Congress’s focus on private equity funds has not been limited to medical billing practices. Congressional Democrats have proposed other bills targeting private equity firms.

For example, Senator Elizabeth Warren (D.-Mass.), along with colleagues in the House and Senate, introduced legislation in July 2019 that would hold PE funds jointly and severally liable for legal judgments against companies in their portfolio. The legislation would also prohibit dividends to investors for two years after a firm is acquired and would require PE funds to publicly disclose their fees and returns, among other provisions opposed by the industry. In light of significant Republican opposition, this bill is unlikely to be enacted. However, it is illustrative of the significant hostility that private equity firms face from certain members of Congress and the risks private equity firms may confront in the future under a Democratic administration.


In recent years, members of Congress, their media allies and others have sought to target companies that they claim are the drivers of rising healthcare costs in the United States. While their focus was originally on pharmaceutical companies, it appears to be shifting to healthcare provider groups as well. At the same time, hospitals and physician provider groups have frequently been sued by plaintiffs claiming that these entities are engaging in improper billing practices.

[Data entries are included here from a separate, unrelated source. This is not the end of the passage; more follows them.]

Lemma trunc_err_ge0 : 0 <= trunc_err.
Proof. by rewrite /trunc_err !addr_ge0 ?mulr_ge0 ?lip_powR_ge0 ?powR_ge0 ?divr_ge0. Qed.

Lemma norm_trunc_incr_sub_le y :
  `|trunc_incr y - r * x `^ (r - 2) * x * (y - x)
      - r * (r - 1) / 2 * x `^ (r - 2) * (y - x) ^+ 2|
  <= `|r| * x `^ (r - 2) * trunc_err * (1 + `|y - x| `^ p).
Proof.
have Z0 : 0 <= `|r| * x `^ (r - 2) by rewrite mulr_ge0 ?powR_ge0.
have err_ge0 : 0 <= `|r - 1| * lip_powR (r - 2) * x `^ (zeta - 1).
  by rewrite !mulr_ge0 ?lip_powR_ge0 ?powR_ge0.
have e3_ge0 := powR_ge0 x (1 - zeta * (p - 1)).
have e4_ge0 : 0 <= `|r - 1| / 2 * x `^ (- (zeta * (p - 2))).
  by rewrite mulr_ge0 ?divr_ge0 ?powR_ge0.
have w_ge0 := powR_ge0 `|y - x| p.
rewrite /trunc_incr; case: ifP => [inner|outer].
  have hd : `|y - x| <= x `^ (zeta - 1) * x.
    by rewrite powRB ?(gt_eqF x_gt0) ?implybT // powRr1 ?(ltW x_gt0) // divfK ?gt_eqF.
  rewrite mulr1; apply: le_trans (norm_powR_taylor2_le r x_gt0 x_zeta hd) _.
  have sq : `|y - x| ^+ 2 <= 1 + `|y - x| `^ p.
    by rewrite -powR_mulrn // powR_le1D // ler0n.
  have : `|r - 1| * lip_powR (r - 2) * x `^ (zeta - 1) <= trunc_err.
    rewrite /trunc_err; lra.
  move: sq; set W := `|y - x| ^+ 2; set K := _ * x `^ (zeta - 1); move=> sq hK.
  have -> : `|r| * `|r - 1| * lip_powR (r - 2) * x `^ (r - 2) * x `^ (zeta - 1) * W
      = `|r| * x `^ (r - 2) * K * W by rewrite /K; ring.
  apply: ler_pM => //; [exact: mulr_ge0 | exact: sqr_ge0 | exact: ler_wpM2l].
have far : x `^ zeta < `|y - x| by rewrite ltNge outer.
rewrite mulr0 sub0r -opprD normrN.
have m0 : 0 < x `^ zeta by rewrite powR_gt0.
have lin : x * `|y - x| <= x `^ (1 - zeta * (p - 1)) * `|y - x| `^ p.
  have p1 : 1 <= p by apply: le_trans p_ge2; rewrite ler1n.
  have := powR_le_tail p1 m0 (ltW far).
  have ex : x * x `^ (zeta * (1 - p)) = x `^ (1 - zeta * (p - 1)).
    rewrite -{1}(powRr1 (ltW x_gt0)) -powRD ?(gt_eqF x_gt0) ?implybT //.
    by have -> : 1 + zeta * (1 - p) = 1 - zeta * (p - 1) by ring.
  by rewrite powRr1 // -powRrM -ex -mulrA => /(ler_wpM2l (ltW x_gt0)).
have quad : `|y - x| ^+ 2 <= x `^ (- (zeta * (p - 2))) * `|y - x| `^ p.
  have := powR_le_tail p_ge2 m0 (ltW far).
  rewrite powR_mulrn // -powRrM.
  by have -> : zeta * (2 - p) = - (zeta * (p - 2)) by ring.
have key : x * `|y - x| + `|r - 1| / 2 * `|y - x| ^+ 2
    <= trunc_err * (1 + `|y - x| `^ p).
  have c0 : 0 <= `|r - 1| / 2 by rewrite divr_ge0.
  have := ler_wpM2l c0 quad.
  have : (x `^ (1 - zeta * (p - 1)) + `|r - 1| / 2 * x `^ (- (zeta * (p - 2))))
      * `|y - x| `^ p <= trunc_err * `|y - x| `^ p by rewrite ler_wpM2r // /trunc_err; lra.
  have := trunc_err_ge0.
  nra.
apply: le_trans (ler_normD _ _) _.
have Z_norm := ger0_norm (powR_ge0 x (r - 2)).
have -> : `|r * x `^ (r - 2) * x * (y - x)| = `|r| * x `^ (r - 2) * (x * `|y - x|).
  by rewrite !normrM Z_norm (gtr0_norm x_gt0); ring.
have -> : `|r * (r - 1) / 2 * x `^ (r - 2) * (y - x) ^+ 2|
    = `|r| * x `^ (r - 2) * (`|r - 1| / 2 * `|y - x| ^+ 2).
  rewrite normrM normrX !normrM normfV Z_norm (@ger0_norm _ 2) //; ring.
by rewrite -mulrDr -[X in _ <= X]mulrA ler_wpM2l.
Qed.

End TruncatedIncrement.

Section Expectation.
Context {R : realType} {S : finType} (Sig : set (R * S)) (P : R * S -> R * S -> R).
Variable s : R * S.
Hypothesis P_ge0 : forall t, 0 <= P s t.

Implicit Types (f g h : R * S -> R) (a b c K : R).

Local Notation E := (Ecur Sig P s).

Definition Ebar (g : R * S -> R) : \bar R := (\esum_(t in Sig) (P s t * g t)%:E)%E.

Definition Eintegrable (f : R * S -> R) := Ebar (fun t => `|f t|) \is a fin_num.

Lemma Ebar_ge0 g : (forall t, 0 <= g t) -> (0 <= Ebar g)%E.
Proof. by move=> g0; apply: esum_ge0 => t _; rewrite lee_fin mulr_ge0. Qed.

Lemma le_Ebar g h : (forall t, Sig t -> g t <= h t) -> (Ebar g <= Ebar h)%E.
Proof. by move=> gh; apply: le_esum => t St; rewrite lee_fin ler_wpM2l ?gh. Qed.

Lemma eq_Ebar g h : (forall t, Sig t -> g t = h t) -> Ebar g = Ebar h.
Proof. by move=> gh; apply: eq_esum => t St; rewrite gh. Qed.

Lemma EbarD g h : (forall t, 0 <= g t) -> (forall t, 0 <= h t) ->
  Ebar (fun t => g t + h t) = (Ebar g + Ebar h)%E.
Proof.
move=> g0 h0; rewrite /Ebar -esumD => [|t _|t _]; rewrite ?lee_fin ?mulr_ge0 //.
by apply: eq_esum => t _; rewrite mulrDr EFinD.
Qed.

In light of these risks, private equity firms considering investments in hospitals or physician groups should carefully consider:

  • whether a target has appropriate compliance mechanisms in place to ensure that its billing practices follow applicable laws; and
  • whether potential future regulatory or legislative developments may materially impact the target’s valuation.
  • For an existing portfolio company, it may be prudent to consider periodic audits— potentially with the benefit of outside advisors—to ensure that the company is engaged in appropriate billing practices. Similarly, if private equity firms or their portfolio companies become subject to Congressional investigations, they should develop a strategy that is designed to both address the concerns of legislators and to anticipate future regulatory actions or private litigation regarding the same or related subject matter.

    Key takeaways:
    • The House Energy and Commerce Committee has announced an investigation into the role of private equity firms in “surprise” medical billing by portfolio companies. This investigation follows a bipartisan legislative push to place limitations on the amount that can be charged by out-of-network providers at in-network facilities and emergency departments.
    • When pursuing healthcare investments, private equity firms should carefully consider the target’s compliance with laws and regulations governing billing practices and whether they face headwinds from threatened legislative or regulatory action.